(* Let $X$ be a finite set of finite words and let $(w_i)_{i\in\mathbb{N}}$ be finite words with $\lim_{i\to\infty}|w_i| = \infty$. If every $w_i$ has an $X$-interpretation but no $w_i$ is a synchronizing word of $X$, then one can write $w_i = u_iv_i$ for each $i$ so that some subsequence of the sequence of shifted finite words $(u_i\,|\,v_i)_{i\in\mathbb{N}}$ converges to a bi-infinite word that has two different $X$-factorizations.
   Context: A word $w$ is a synchronizing word of $X$ if $w = w_1w_2$ for some words $w_1,w_2$ such that for every $v\in X^*$ of the form $v = pws$, we have $pw_1\in X^*$ and $w_2s\in X^*$. An $X$-interpretation of a finite word $w$ is a factorization $w = w_1w_2\cdots w_n$ where $w_1$ is a suffix of a word in $X$, $w_n$ is a prefix of a word in $X$, and $w_j\in X$ for $1<j<n$. The shifted word $(u\,|\,v)$ with $u = a_{-m}\cdots a_{-1}$, $v = a_0\cdots a_n$ is the map $\{-m,\dots,n\}\to$ letters, $k\mapsto a_k$. A sequence of shifted finite words $t_i:A_i\to$ letters converges to a bi-infinite word $t:\mathbb{Z}\to$ letters if for every $k\in\mathbb{Z}$ there is $L$ with $k\in A_i$ and $t_i(k)=t(k)$ for all $i\ge L$. An $X$-factorization of a bi-infinite word $t$ is a representation $t = \cdots x_{-2}x_{-1}p\,|\,q\,x_1x_2\cdots$ (with the bar marking position $0$) where all $x_j\in X$, $pq\in X$ and $q\neq\varepsilon$; it is recorded as the sequence $(\dots,x_{-2},x_{-1},p\,|\,q,x_1,x_2,\dots)$, and two factorizations are different if these sequences differ. *)

From mathcomp Require Import all_boot all_algebra.
Set Implicit Arguments. Unset Strict Implicit. Unset Printing Implicit Defensive.

Section Words.
Variable A : eqType.
Implicit Types (X : seq (seq A)) (w : seq A).

Definition in_star X (v : seq A) : Prop :=
  exists ws : seq (seq A), (forall x, x \in ws -> x \in X) /\ flatten ws = v.

Definition synchronizing X w : Prop :=
  exists w1 w2 : seq A, w = w1 ++ w2 /\
    forall p s : seq A, in_star X (p ++ w ++ s) ->
      in_star X (p ++ w1) /\ in_star X (w2 ++ s).

Definition has_interpretation X w : Prop :=
  exists ws : seq (seq A),
    ws != [::] /\ flatten ws = w /\
    (exists2 x, x \in X & suffix (head [::] ws) x) /\
    (exists2 x, x \in X & prefix (last [::] ws) x) /\
    (forall j, 0 < j -> j.+1 < size ws -> nth [::] ws j \in X).

(* The shifted word (u | v), as a partial map int -> A:
   position -(n+1) is the (n+1)-th letter of u from the right,
   position n >= 0 is the n-th letter of v (0-based). *)
Definition shifted (u v : seq A) (k : int) : option A :=
  match k with
  | Posz n => onth v n
  | Negz n => onth (rev u) n
  end.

**EXERCISE**
Restate word for word the entries above from the line with "ws != [::] /\ flatten ws = w /\" through the line with "position n >= 0", inclusive, leaving out everything else.

**ANSWER TO THIS EXERCISE**
    ws != [::] /\ flatten ws = w /\
    (exists2 x, x \in X & suffix (head [::] ws) x) /\
    (exists2 x, x \in X & prefix (last [::] ws) x) /\
    (forall j, 0 < j -> j.+1 < size ws -> nth [::] ws j \in X).

(* The shifted word (u | v), as a partial map int -> A:
   position -(n+1) is the (n+1)-th letter of u from the right,
   position n >= 0 is the n-th letter of v (0-based). *)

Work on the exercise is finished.